Do backups before, if something goes wrong.
 
ceph osd dump | grep full_ratio
The full_ratio is by default 95% and the near_full_ratio by 85%. I assume, as you have only three OSDs, one per host, that destroying the OSD and recreating it, should work without problem. But as I stated above, do backups before.
 
Would setting the near_full ratio to e.g. 87% (as mentioned in the provided link) allow for autorecovery to complete (and clear up the extra items as well) without needing intervention on the cluster?
 
I don't believe so, but you can try. Even if the recovery works, the OSD will just stay on near_full and any further adding of data will fill the disk up.
 
Greetings,
We had a major failure on the above system. Due to internal issues restoration was not performed. Due to a sudden power failure today we lost one of the 2 correct servers (both of the system disks were fried). The other 2 servers were shut down properly after all vms had stopped. After starting up the 2 machines ceph data appear unaccessible, though ceph only says health warning.
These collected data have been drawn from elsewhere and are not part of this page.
(* Let $G$ be a small category and $X$ a set with a partial category action by $G$. Let $\overline{X} = \{(g,x)\in{\rm mor}(G)\times X\mid d(g)\cdot x\text{ is defined}\}$ and let $\sim$ be the relation on $\overline{X}$ defined below. If $(g,x),(g',x')\in\overline{X}$ satisfy $(g,x)\sim(g',x')$, then for every $p\in{\rm mor}(G)$ with $(p,g),(p,g')\in G^2$ we have $(pg,x)\sim(pg',x')$.
   Context: Conventions: $G$ is a small category; objects are identified with their identity morphisms, so ${\rm ob}(G)\subseteq{\rm mor}(G)$; $d(g), c(g)$ are domain and codomain, $G^2=\{(g,h)\mid d(g)=c(h)\}$. A partial category action by $G$ on $X$ is a partial function ${\rm mor}(G)\times X\to X$, $(g,x)\mapsto g\cdot x$ where defined, such that: (C1) for every $x$ there is $e\in{\rm ob}(G)$ with $e\cdot x$ defined, and whenever $f\in{\rm ob}(G)$ and $f\cdot x$ is defined, $f\cdot x=x$; (C2) if $g\cdot x$ is defined then $d(g)\cdot x$ is defined; (C3) if $(g,h)\in G^2$ and $h\cdot x$ is defined, then $(gh)\cdot x$ is defined iff $g\cdot(h\cdot x)$ is defined, and then they are equal. The relation $\sim$ on $\overline{X}$: $(g,x)\sim(g',x')$ if either (i) there is $h\in{\rm mor}(G)$ with $(g',h)\in G^2$, $h\cdot x$ defined, $g = g'h$ and $x' = h\cdot x$; or (ii) $x = x'$, $g,g'\in{\rm ob}(G)$, and both $g\cdot x$ and $g'\cdot x'$ are defined. *)

(* Small categories presented by their set of morphisms,
   objects identified with identity morphisms. *)
From Stdlib Require Import Classical.

Record SmallCategory := {
  Mor : Type;
  is_ob : Mor -> Prop;
  dom : Mor -> Mor;
  cod : Mor -> Mor;
  (* composition g h (= g ∘ h); only meaningful when dom g = cod h *)
  comp : Mor -> Mor -> Mor;
  dom_ob : forall g, is_ob (dom g);
  cod_ob : forall g, is_ob (cod g);
  ob_dom : forall e, is_ob e -> dom e = e;
  ob_cod : forall e, is_ob e -> cod e = e;
  comp_dom : forall g h, dom g = cod h -> dom (comp g h) = dom h;
  comp_cod : forall g h, dom g = cod h -> cod (comp g h) = cod g;
  comp_id_l : forall g, comp (cod g) g = g;
  comp_id_r : forall g, comp g (dom g) = g;
  comp_assoc : forall f g h, dom f = cod g -> dom g = cod h ->
      comp f (comp g h) = comp (comp f g) h
}.

Arguments is_ob {_}. Arguments dom {_}. Arguments cod {_}. Arguments comp {_}.

Definition composable {G : SmallCategory} (g h : Mor G) : Prop := dom g = cod h.

(* A partial function mor(G) × X → X, given as act g x = Some (g·x) when defined. *)
Definition defined {G : SmallCategory} {X : Type}
  (act : Mor G -> X -> option X) (g : Mor G) (x : X) : Prop :=
  exists y, act g x = Some y.

Definition is_partial_category_action (G : SmallCategory) (X : Type)
  (act : Mor G -> X -> option X) : Prop :=
  (forall x, (exists e, is_ob e /\ defined act e x) /\
             (forall f, is_ob f -> defined act f x -> act f x = Some x)) /\
  (forall g x, defined act g x -> defined act (dom g) x) /\
  (forall g h x y, composable g h -> act h x = Some y ->
      (defined act (comp g h) x <-> defined act g y) /\
      (defined act (comp g h) x -> act (comp g h) x = act g y)).

Definition in_Xbar {G : SmallCategory} {X : Type}
  (act : Mor G -> X -> option X) (g : Mor G) (x : X) : Prop :=
  defined act (dom g) x.

Definition sim_rel {G : SmallCategory} {X : Type}
  (act : Mor G -> X -> option X) (g : Mor G) (x : X) (g' : Mor G) (x' : X) : Prop :=
  (exists h, composable g' h /\ defined act h x /\ g = comp g' h /\ act h x = Some x')
  \/ (x = x' /\ is_ob g /\ is_ob g' /\ defined act g x /\ defined act g' x').


(* A witness [h] for the first clause of [~] stays a witness after composing
   both morphisms with [p], by associativity.  In the second clause [g] and
   [g'] are identities parallel to [dom p], hence equal, so [pg = pg' = p] and
   [g] itself is a witness of the first clause because [g·x = x]. *)

Section Category.

Variable G : SmallCategory.

Lemma ob_eq_of_cod_eq (e e' : Mor G) :
  is_ob e -> is_ob e' -> cod e = cod e' -> e = e'.
Proof. intros He He' Hcod. now rewrite <- (ob_cod G e He), <- (ob_cod G e' He'). Qed.

Lemma comp_ob_r (p e : Mor G) : is_ob e -> composable p e -> comp p e = p.
Proof.
  intros He Hpe. unfold composable in Hpe.
  rewrite <- (ob_cod G e He), <- Hpe at 1. apply comp_id_r.
Qed.

Lemma composable_comp_l (p g h : Mor G) :
  composable p g -> composable g h -> composable (comp p g) h.
Proof. unfold composable. intros Hpg Hgh. now rewrite comp_dom. Qed.

End Category.

Section PartialAction.

Variables (G : SmallCategory) (X : Type) (act : Mor G -> X -> option X).

Definition fixes_objects : Prop :=
  forall e x, is_ob e -> defined act e x -> act e x = Some x.

Lemma fixes_objects_of_action :
  is_partial_category_action G X act -> fixes_objects.
Proof. intros [HC1 _] e x He Hd. now apply (proj2 (HC1 x)). Qed.

Lemma sim_rel_of_factor (g g' h : Mor G) (x x' : X) :
  composable g' h -> g = comp g' h -> act h x = Some x' ->
  sim_rel act g x g' x'.
Proof.
  intros Hg'h Hg Hhx. left. exists h.
  repeat split; try assumption. now exists x'.
Qed.

Lemma sim_rel_comp_l (g g' p : Mor G) (x x' : X) :
  fixes_objects -> sim_rel act g x g' x' ->
  composable p g -> composable p g' ->
  sim_rel act (comp p g) x (comp p g') x'.
Proof.
  intros Hfix Hsim Hpg Hpg'.
  destruct Hsim as [[h [Hg'h [_ [Hg Hhx]]]] | [<- [Hg [Hg' [Hgx _]]]]].
  - apply sim_rel_of_factor with h; [now apply composable_comp_l | | exact Hhx].
    subst g. now apply comp_assoc.
  - assert (Hgg' : g = g') by (apply ob_eq_of_cod_eq; congruence).
    subst g'.
    apply sim_rel_of_factor with g.
    + apply composable_comp_l; [exact Hpg |].
      unfold composable. now rewrite (ob_dom G g Hg), (ob_cod G g Hg).
    + now rewrite !(comp_ob_r G p g Hg Hpg).
    + now apply Hfix.
Qed.

End PartialAction.

Theorem proposition3p6 (G : SmallCategory) (X : Type)
  (act : Mor G -> X -> option X)
  (Hact : is_partial_category_action G X act)
  (g : Mor G) (x : X) (g' : Mor G) (x' : X)
  (Hgx : in_Xbar act g x) (Hgx' : in_Xbar act g' x')
  (Hsim : sim_rel act g x g' x') :
  forall p : Mor G, composable p g -> composable p g' ->
    sim_rel act (comp p g) x (comp p g') x'.
Proof.
  intros p Hpg Hpg'.
  apply sim_rel_comp_l; try assumption.
  now apply fixes_objects_of_action.
Qed.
Is there a way to force restore the disks from the (hopefully) correct data from the third server?
 
The ceph disk is still healthy on the failed server so is there a way to do some sort of reinstall on the failed server and reinsert the ceph disk in the cluster.
 
ceph data appear unaccessible, though ceph only says health warning. Is there a way to force restore the disks from the (hopefully) correct data from the third server?
This is probably due to the ceph cluster hitting the PG_DEGRADED_FULL.

The ceph disk is still healthy on the failed server so is there a way to do some sort of reinstall on the failed server and reinsert the ceph disk in the cluster.
From the top of my head:
I assume you re-installed the OS and added the server to the cluster. Then you need to install the ceph packages (pveceph install) too.

If the server also had a monitor, the easiest way ist to remove the monitor from the /etc/pve/ceph.conf and run the 'pveceph createmon'. Then you should have a working third monitor (incl. manager) again.

After that, reboot the server, to see if all services come up again, this should also trigger the start of the OSDs.

If something is not working, check the journal for error messages about the services.